▶ Data for review
Lemma homotopy_pullback_coboundary (G : zmodType) (p m : nat)
    (V : 'I_m -> set X) (d : cochain G m) (A Z : set X) (H : X * R -> X) :
  compact [set: X] -> open_cover_of setT V -> is_cocycle setT V p d ->
  (forall s, size s = p.+1 -> nerve_simplex Z V s -> d s = 0) ->
  {within [set: X] `*` `[0, 1], continuous H} ->
  (forall x, A x -> Z (H (x, 0))) -> (forall x, H (x, 1) = x) ->
  exists m' (W : 'I_m' -> set X) (L : 'I_m' -> 'I_m) (beta : cochain G m'),
    [/\ open_cover_of setT W, forall j, W j `<=` V (L j) &
      forall s, size s = p.+1 -> nerve_simplex A W s ->
        d (map L s) = coboundary beta s].
Proof.
move=> cX Vcov dcoc dZ Hcont HAZ H1.
have [m' [W [k [lam [k0 Wcov WV]]]]] := homotopy_subdivision cX Vcov Hcont.
have k0R : (0 : R) < k%:R by rewrite ltr0n.
have W0 j x : W j x -> V (lam 0%N j) (H (x, 0)).
  move=> Wjx; apply: WV => //; first by rewrite lexx ler01.
  by rewrite mul0r lexx /= divr_ge0 ?ler0n.
have Wk j x : W j x -> V (lam k.-1 j) x.
  move=> Wjx; rewrite -[x in V _ x]H1; apply: WV; rewrite ?prednK ?lexx ?ler01 //.
  by rewrite divff ?gt_eqF // lexx andbT ler_pdivrMr // mul1r ler_nat leq_pred.
have contig i : (i.+1 < k)%N -> forall s, nerve_simplex A W s ->
    exists y, forall j, j \in s -> V (lam i j) y /\ V (lam i.+1 j) y.
  move=> ik s [x [_ sx]]; exists (H (x, i.+1%:R / k%:R)) => j /sx Wjx.
  have t01 : 0 <= (i.+1%:R / k%:R : R) <= 1.
    by rewrite divr_ge0 ?ler0n //= ler_pdivrMr // mul1r ler_nat ltnW.
  split; apply: WV => //; rewrite ?(ltnW ik) ?lexx ?andbT //=.
    by rewrite ler_pM2r ?invr_gt0 // ler_nat.
  by rewrite ler_pM2r ?invr_gt0 // ler_nat.
have tel i : (i < k)%N -> exists beta : cochain G m', forall s, size s = p.+1 ->
    nerve_simplex A W s -> d (map (lam i) s) = coboundary beta s.
  elim: i => [_|i IHi ik].
    exists (fun _ => 0) => s sp [x [Ax sx]]; rewrite coboundary0 dZ ?size_map //.
    by exists (H (x, 0)); split; [exact: HAZ | move=> r /mapP [j /sx /W0 Vr ->]].
  have [beta betaE] := IHi (ltnW ik).
  exists (fun s => beta s + prism (lam i) (lam i.+1) d s) => s sp As.
  rewrite coboundaryD -betaE // -(contiguous_pullbacks_cohomologous dcoc (contig i ik)) //.
  by rewrite addrC subrK.
have [beta betaE] := tel k.-1 (etrans (ltn_predL k) k0).
by exists m', W, (lam k.-1), beta; split => // j x /Wk.
Qed.

End Homotopy.

Section Shrink.
Variables (R : realType) (X : metricType R).

Definition shrink (B V : set X) : set X :=
  [set x | exists b e, [/\ B b, 0 < e, ball b (e + e) `<=` V & ball b e x]]°.

Lemma open_shrink B V : open (shrink B V).
Proof. exact: open_interior. Qed.

Lemma shrink_mem B V b : B b -> open V -> V b -> shrink B V b.
Proof.
move=> Bb Vop Vb; have /nbhs_ballP [e e0 eV] : nbhs b V by exact: open_nbhs_nbhs.
apply/nbhs_ballP; exists (e / 2) => [|y by_]; first exact: divr_gt0.
by exists b, (e / 2); split; rewrite -?splitr ?divr_gt0.
Qed.

(* Among the balls [ball b_j e_j] witnessing [x \in shrink B (V j)], take one
   of least radius [e]: its centre is within [e + e_j <= 2 e_j] of every
   [b_j], hence lies in every [V j]. *)
Lemma shrink_common_point m (B : set X) (V : 'I_m -> set X) x (s : seq 'I_m) :
  s != [::] -> (forall j, j \in s -> shrink B (V j) x) ->
  exists2 b, B b & forall j, j \in s -> V j b.
Proof.
case: s => // a s _ xV.
suff [b [e [Bb bx small]]] : exists b e, [/\ B b, ball b e x & forall j, j \in a :: s ->
    exists bj ej, [/\ e <= ej, ball bj ej x & ball bj (ej + ej) `<=` V j]].
  exists b => // j /small [bj [ej [eej bjx bjV]]]; apply: bjV.
  by apply: le_ball (ball_triangle bjx (ball_sym bx)); rewrite lerD2l.
elim: s a xV => [|c s IHs] a xV.
  have /interior_subset [b [e [Bb e0 bV bx]]] := xV a (mem_head _ _).
  by exists b, e; split => // j; rewrite inE => /eqP ->; exists b, e.
have /interior_subset [ba [ea [Bba ea0 baV bax]]] := xV a (mem_head _ _).
have [b [e [Bb bx small]]] := IHs c (fun j js => xV j (@mem_behead _ [:: a, c & s] j js)).
have [le_ea_e|lt_e_ea] := leP ea e.
  exists ba, ea; split => // j; rewrite in_cons => /orP [/eqP ->|/small].
    by exists ba, ea.
  by move=> [bj [ej [eej bjx bjV]]]; exists bj, ej; split => //; exact: le_trans eej.
exists b, e; split => // j; rewrite in_cons => /orP [/eqP ->|/small //].
by exists ba, ea; split => //; exact: ltW.
Qed.

End Shrink.

Section Glue.
Variables (R : realType) (X : metricType R) (G : zmodType) (n m : nat)
  (U : 'I_m -> set X) (c : cochain G m) (A Z : set X)
  (m1 : nat) (V : 'I_m1 -> set X) (lam : 'I_m1 -> 'I_m) (b : cochain G m1).
Hypothesis U_cover : open_cover_of setT U.
Hypothesis A_closed : closed A.
Hypothesis Z_closed : closed Z.
Hypothesis V_cover : open_cover_of (A `&` Z) V.
Hypothesis V_refines : refines_via (A `&` Z) V U lam.
Hypothesis cE : forall s, size s = n.+1 -> nerve_simplex (A `&` Z) V s ->
  c (map lam s) = coboundary b s.

(* The glued cover of [X] has three blocks of indices: shrunken [V j] near
   [A `&` Z], then [U i `\` Z], then [U i `\` A]. *)
Local Notation N := (m1 + (m + m))%N.

Definition core (j : 'I_m1) : 'I_N := lshift (m + m) j.

Definition core_of (k : 'I_N) : option 'I_m1 :=
  if fintype.split k is inl j then Some j else None.

Definition glued_cover (k : 'I_N) : set X :=
  match fintype.split k with
  | inl j => shrink (A `&` Z) (V j) `&` U (lam j)
  | inr r => match fintype.split r with inl i => U i `\` Z | inr i => U i `\` A end
  end.

Definition glued_proj (k : 'I_N) : 'I_m :=
  match fintype.split k with
  | inl j => lam j
  | inr r => match fintype.split r with inl i => i | inr i => i end
  end.

Lemma coreK : pcancel core core_of.
Proof. by move=> j; rewrite /core_of /core -/(unsplit (inl j)) unsplitK. Qed.

Lemma core_ofK : ocancel core_of core.
Proof.
by move=> k; rewrite /core_of /core; case E: (fintype.split k) => //=; rewrite -(splitK k) E.
Qed.

Lemma glued_proj_core j : glued_proj (core j) = lam j.
Proof. by rewrite /glued_proj /core -/(unsplit (inl j)) unsplitK. Qed.

Lemma glued_cover_core j : glued_cover (core j) = shrink (A `&` Z) (V j) `&` U (lam j).
Proof. by rewrite /glued_cover /core -/(unsplit (inl j)) unsplitK. Qed.

Lemma glued_cover_proj k : glued_cover k `<=` U (glued_proj k).
Proof.
rewrite /glued_cover /glued_proj; case: (fintype.split k) => [j x []//|r].
by case: (fintype.split r) => i x [].
Qed.

Lemma glued_cover_AZ k x z : A x -> Z z -> glued_cover k x -> glued_cover k z ->
  isSome (core_of k).
Proof.
rewrite /glued_cover /core_of; case: (fintype.split k) => // r Ax Zz.
by case: (fintype.split r) => i [_ nAx] [_ nZz].
Qed.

▶ To do
Report each line above that includes the string "every".

▶ Result of the exercise
   of least radius [e]: its centre is within [e + e_j <= 2 e_j] of every
   [b_j], hence lies in every [V j]. *)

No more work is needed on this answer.